Your instructions> Set down exactly the lines of the listing below that begin at the one containing "forall I : R" and end at the last line, both included.

Data for analysis>
(* Let $R$ be a simple ring, $\delta$ a derivation of $R$, and $S=R[x;\delta]$ the differential polynomial ring. If $S$ is left quasi-duo or right quasi-duo, then $R$ is a field and $\delta=0$.
   Context: All rings are unital and associative. A derivation of $R$ is an additive map $\delta:R\to R$ with $\delta(rs)=r\delta(s)+\delta(r)s$. The differential polynomial ring $R[x;\delta]$ is, as a left $R$-module, the polynomial ring $R[x]$, with multiplication determined by $xr=rx+\delta(r)$ for $r\in R$. A ring is left (right) quasi-duo if every maximal left (right) ideal is two-sided. *)

From HB Require Import structures.
From mathcomp Require Import all_boot all_order all_algebra.
Set Implicit Arguments. Unset Strict Implicit. Unset Printing Implicit Defensive.
Import GRing.Theory.
Local Open Scope ring_scope.

Section Ideals.
Variables (T : zmodType) (mul : T -> T -> T).

Definition additive_subgroup (I : T -> Prop) :=
  [/\ I 0, forall a b, I a -> I b -> I (a + b) & forall a, I a -> I (- a)].

Definition left_ideal (I : T -> Prop) :=
  additive_subgroup I /\ forall s a, I a -> I (mul s a).

Definition right_ideal (I : T -> Prop) :=
  additive_subgroup I /\ forall s a, I a -> I (mul a s).

Definition two_sided_ideal (I : T -> Prop) := left_ideal I /\ right_ideal I.

Definition proper (I : T -> Prop) := exists t, ~ I t.

Definition maximal_left_ideal (I : T -> Prop) :=
  [/\ left_ideal I, proper I &
      forall J, left_ideal J -> (forall t, I t -> J t) ->
        (forall t, J t -> I t) \/ (forall t, J t)].

Definition maximal_right_ideal (I : T -> Prop) :=
  [/\ right_ideal I, proper I &
      forall J, right_ideal J -> (forall t, I t -> J t) ->
        (forall t, J t -> I t) \/ (forall t, J t)].

Definition left_quasi_duo :=
  forall I, maximal_left_ideal I -> right_ideal I.
Definition right_quasi_duo :=
  forall I, maximal_right_ideal I -> left_ideal I.
End Ideals.

Definition simple_ring (R : nzRingType) :=
  forall I : R -> Prop, two_sided_ideal *%R I ->
    (forall x, I x -> x = 0) \/ (forall x, I x).

Definition derivation (R : nzRingType) (d : R -> R) :=
  (forall a b, d (a + b) = d a + d b) /\ (forall a b, d (a * b) = a * d b + d a * b).

Definition is_field (R : nzRingType) :=
  (forall a b : R, a * b = b * a) /\
  (forall a : R, a != 0 -> exists b, a * b = 1 /\ b * a = 1).

(* Multiplication of the differential polynomial ring R[x; d].
   Its carrier is {poly R} viewed as the left R-module with basis x^i
   (p = \sum_i p`_i x^i, coefficients on the left); the product is
   determined by x r = r x + d r, which gives
   (a x^i)(b x^j) = \sum_(k <= i) 'C(i,k) a d^k(b) x^(i+j-k). *)
Definition dmul (R : nzRingType) (d : R -> R) (p q : {poly R}) : {poly R} :=
  \sum_(i < size p) \sum_(j < size q) \sum_(k < i.+1)
     ((p`_i * iter k d q`_j) *+ 'C(i, k)) *: 'X^(i + j - k).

Solution>
  forall I : R -> Prop, two_sided_ideal *%R I ->
    (forall x, I x -> x = 0) \/ (forall x, I x).

Definition derivation (R : nzRingType) (d : R -> R) :=
  (forall a b, d (a + b) = d a + d b) /\ (forall a b, d (a * b) = a * d b + d a * b).

Definition is_field (R : nzRingType) :=
  (forall a b : R, a * b = b * a) /\
  (forall a : R, a != 0 -> exists b, a * b = 1 /\ b * a = 1).

(* Multiplication of the differential polynomial ring R[x; d].
   Its carrier is {poly R} viewed as the left R-module with basis x^i
   (p = \sum_i p`_i x^i, coefficients on the left); the product is
   determined by x r = r x + d r, which gives
   (a x^i)(b x^j) = \sum_(k <= i) 'C(i,k) a d^k(b) x^(i+j-k). *)
Definition dmul (R : nzRingType) (d : R -> R) (p q : {poly R}) : {poly R} :=
  \sum_(i < size p) \sum_(j < size q) \sum_(k < i.+1)
     ((p`_i * iter k d q`_j) *+ 'C(i, k)) *: 'X^(i + j - k).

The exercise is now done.